In this paper, we are concerned with the global existence and stability of a smooth supersonic Euler flow with vacuum state at infinity in a three-dimensional (3-D) infinitely long divergent nozzle. The flow is described by 3-D compressible steady Euler equations, which are quasilinear multidimensional hyperbolic with respect to the supersonic direction. By the mass conservation of gases and the geometric property of the divergent nozzle, the moving gases in the nozzle will gradually become rarefactive and tend to the vacuum state at infinity, which means that the compressible Euler equations are degenerate at infinity.
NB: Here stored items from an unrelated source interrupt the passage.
(* Let $\Delta>\delta\geq 0$ be integers and let $\delta^*$ be a maximizer of $\frac{\Delta(\Delta-i)i}{\Delta+i}$ over $i\in\{\delta,\delta+1,\ldots,\Delta\}$. Let $G$ be a graph with $n$ vertices, maximum degree at most $\Delta$, and minimum degree at least $\delta$. Then $$irr(G)\leq \frac{\Delta(\Delta-\delta^* )\delta^*}{\Delta+\delta^*}\,n.$$
   Context: All graphs are finite, simple and undirected. For a graph $G$ with edge set $E(G)$ and vertex degrees $d_G(u)$, the irregularity (in the sense of Albertson) is $irr(G)=\sum_{uv\in E(G)}|d_G(u)-d_G(v)|$. *)

From mathcomp Require Import all_boot all_order all_algebra.
Set Implicit Arguments. Unset Strict Implicit. Unset Printing Implicit Defensive.
Import Order.TTheory GRing.Theory Num.Theory.
Local Open Scope ring_scope.

Definition simple_graph (T : finType) (e : rel T) : Prop :=
  symmetric e /\ irreflexive e.

Definition deg (T : finType) (e : rel T) (u : T) : nat := #|[set v | e u v]|.

(* Albertson irregularity: sum over edges uv (each unordered edge counted once,
   via the order u before v in the enumeration of T) of |d(u) - d(v)|. *)
Definition irr (T : finType) (e : rel T) : rat :=
  \sum_(u : T) \sum_(v : T | e u v && (enum_rank u < enum_rank v)%N)
     `| (deg e u)%:R - (deg e v)%:R | .

Definition irrf (Delta i : nat) : rat :=
  (Delta%:R * (Delta%:R - i%:R) * i%:R) / (Delta%:R + i%:R).

From mathcomp Require Import all_boot all_order all_algebra.
From mathcomp Require Import ring lra.
Import Order.TTheory GRing.Theory Num.Theory.
Local Open Scope ring_scope.

(* Write d(u) for the degree of u.  For an edge uv split the contribution
   |d(u) - d(v)| into two shares,
     share(d(u), d(v)) + share(d(v), d(u)),   share(a, b) = |a - b| b / (a + b),
   and charge share(d(u), d(v)) to the endpoint u.  Then irr(G) is the sum over
   all vertices u of the shares of u towards its d(u) neighbours.
   A short polynomial inequality shows that a * share(a, b) is at most
   f(min(a, b)) <= f(dstar), where f(i) = Delta (Delta - i) i / (Delta + i);
   hence each vertex collects at most f(dstar) in total, and summing over the
   n vertices gives the bound. *)

Section RealFacts.
Context {R : realFieldType}.

(* The part of |a - b| charged to the endpoint of degree a. *)
Definition share (a b : R) : R := `|a - b| * b / (a + b).

Lemma share_split (a b : R) : 0 <= a -> 0 <= b -> `|a - b| = share a b + share b a.
Proof.
move=> a0 b0; rewrite /share (distrC b) [b + a]addrC -mulrDl -mulrDr [b + a]addrC.
have [ab0|ab_neq0] := eqVneq (a + b) 0; last by rewrite mulfK.
have [-> ->] : a = 0 /\ b = 0 by split; lra.
by rewrite subrr normr0 !mul0r.
Qed.

Lemma share_le_small (a b D : R) : 0 <= a -> a <= b -> b <= D -> 0 < a + b ->
  a * share a b <= D * (D - a) * a / (D + a).
Proof.
move=> a0 ab bD ab0; have Da0 : 0 < D + a by lra.
rewrite /share distrC ger0_norm ?subr_ge0 //.
rewrite mulrA ler_pdivrMr // mulrAC ler_pdivlMr //.
have : 0 <= (D - b) * ((a + b) * D + a * (b - a)) by apply: mulr_ge0; nra.
nra.
Qed.

Lemma share_le_large (a b D : R) : 0 <= b -> b <= a -> a <= D -> 0 < a + b ->
  a * share a b <= D * (D - b) * b / (D + b).
Proof.
move=> b0 ba aD ab0; have Db0 : 0 < D + b by lra.
rewrite /share ger0_norm ?subr_ge0 //.
rewrite mulrA ler_pdivrMr // mulrAC ler_pdivlMr //.
have : 0 <= b * (D - a) * (a - b) by apply: mulr_ge0; [apply: mulr_ge0|]; lra.
have : 0 <= b * b * (D - a) by apply: mulr_ge0; [apply: mulr_ge0|]; lra.
nra.
Qed.

End RealFacts.

Lemma share_le_irrf {Delta a b : nat} : (0 < a)%N -> (a <= Delta)%N -> (b <= Delta)%N ->
  a%:R * share a%:R b%:R <= irrf Delta (minn a b).
Proof.
move=> a_gt0 aD bD.
have ab0 : 0 < a%:R + b%:R :> rat by rewrite -natrD ltr0n addn_gt0 a_gt0.
rewrite /irrf; case: leqP => [ab|ba].
  by apply: share_le_small; rewrite ?ler_nat.
by apply: share_le_large; rewrite ?ler_nat ?(ltnW ba).
Qed.

Lemma sum_edges_split (V : nmodType) (T : finType) (e : rel T) (g : T -> T -> V) :
  simple_graph e ->
  \sum_(u : T) \sum_(v : T | e u v && (enum_rank u < enum_rank v)%N) (g u v + g v u)
  = \sum_(u : T) \sum_(v : T | e u v) g u v.
Proof.
move=> [esym eirr].
have below_above u : \sum_(v | e u v) g u v =
    \sum_(v | e u v && (enum_rank u < enum_rank v)%N) g u v
  + \sum_(v | e u v && (enum_rank v < enum_rank u)%N) g u v.
  rewrite (bigID (fun v => (enum_rank u < enum_rank v)%N)) /=; congr (_ + _).
  apply: eq_bigl => v; case euv: (e u v) => //=.
  have vu : enum_rank v != enum_rank u.
    by rewrite (inj_eq enum_rank_inj); apply: contraTneq euv => ->; rewrite eirr.
  by rewrite -leqNgt ltn_neqAle vu.
under eq_bigr do rewrite big_split.
rewrite big_split (eq_bigr _ (fun u _ => below_above u)) big_split /=; congr (_ + _).
under eq_bigr do rewrite big_mkcond.
rewrite exchange_big; apply: eq_bigr => v _; rewrite [RHS]big_mkcond.
by apply: eq_bigr => u _; rewrite esym.
Qed.

Lemma sum_le_of_card_mul_le (R : numFieldType) (T : finType) (A : {set T})
    (F : T -> R) (M : R) :
  0 <= M -> (forall v, v \in A -> #|A|%:R * F v <= M) -> \sum_(v in A) F v <= M.
Proof.
move=> M0 hF; have [A0|A_gt0] := posnP #|A|.
  by rewrite big_pred0 // => v; apply/negbTE/negP => vA; rewrite (card0_eq A0) in vA.
have kpos : 0 < #|A|%:R :> R by rewrite ltr0n.
apply: le_trans (_ : \sum_(v in A) M / #|A|%:R <= _).
  by apply: ler_sum => v vA; rewrite ler_pdivlMr // mulrC hF.
by rewrite sumr_const -[_ *+ _]mulr_natr divfK // gt_eqF.
Qed.

Lemma irr_as_shares (T : finType) (e : rel T) : simple_graph e ->
  irr e = \sum_(u : T) \sum_(v : T | e u v) share (deg e u)%:R (deg e v)%:R.
Proof.
move=> ge; rewrite -sum_edges_split //; apply: eq_bigr => u _; apply: eq_bigr => v _.
by rewrite share_split.
Qed.

Lemma vertex_charge_le (Delta : nat) (T : finType) (e : rel T) (M : rat) (u : T) :
  0 <= M -> (forall u, (deg e u <= Delta)%N) ->
  (forall v, e u v -> irrf Delta (minn (deg e u) (deg e v)) <= M) ->
  \sum_(v | e u v) share (deg e u)%:R (deg e v)%:R <= M.
Proof.
move=> M0 hD hM.
rewrite (eq_bigl (mem [set v | e u v])); last by move=> v; rewrite !inE.
apply: sum_le_of_card_mul_le => // v; rewrite inE => euv.
have deg_gt0 : (0 < deg e u)%N by apply/card_gt0P; exists v; rewrite inE.
apply: le_trans (hM v euv); exact: share_le_irrf deg_gt0 (hD u) (hD v).
Qed.

Theorem proposition1 (Delta delta dstar : nat) (T : finType) (e : rel T) :
  (delta < Delta)%N ->
  (delta <= dstar <= Delta)%N ->
  (forall i : nat, (delta <= i <= Delta)%N -> irrf Delta i <= irrf Delta dstar) ->
  simple_graph e ->
  (forall u : T, (deg e u <= Delta)%N) ->
  (forall u : T, (delta <= deg e u)%N) ->
  irr e <= irrf Delta dstar * (#|T|)%:R.
Proof.
move=> hdD _ hmax ge hDu hdu.
(* f(dstar) >= f(Delta) = 0, which covers isolated vertices. *)
have M0 : 0 <= irrf Delta dstar.
  have <- : irrf Delta Delta = 0 by rewrite /irrf subrr mulr0 !mul0r.
  by apply: hmax; rewrite (ltnW hdD) leqnn.
have hM u v : irrf Delta (minn (deg e u) (deg e v)) <= irrf Delta dstar.
  by apply: hmax; rewrite leq_min !hdu geq_min hDu.
rewrite irr_as_shares //.
apply: le_trans (_ : \sum_(u : T) irrf Delta dstar <= _); last by rewrite sumr_const mulr_natr.
by apply: ler_sum => u _; apply: vertex_charge_le => // v _; apply: hM.
Qed.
For such an expansive supersonic Euler flow and for small initial perturbations, we show that the 3-D Euler flow is globally stable and there are no vacuum domains in the nozzle.

中文翻译：

---

无限长发散喷嘴中的三维全局超音速欧拉流

SIAM数学分析杂志，第53卷，第1期，第133-180页，2021年1月。
在本文中，我们关注在三维（3-D）无限长发散喷嘴中具有无限真空状态的光滑超声速Euler流的整体存在和稳定性。用3-D可压缩的稳态Euler方程描述流，该方程是关于超音速方向的准线性多维双曲线。通过气体的质量守恒和发散喷嘴的几何特性，喷嘴中的运动气体将逐渐变得稀疏并趋于无穷大的真空状态，这意味着可压缩的欧拉方程在无穷大时退化。对于这种膨胀的超音速欧拉流和较小的初始扰动，我们表明3-D欧拉流是全局稳定的，并且喷嘴中没有真空域。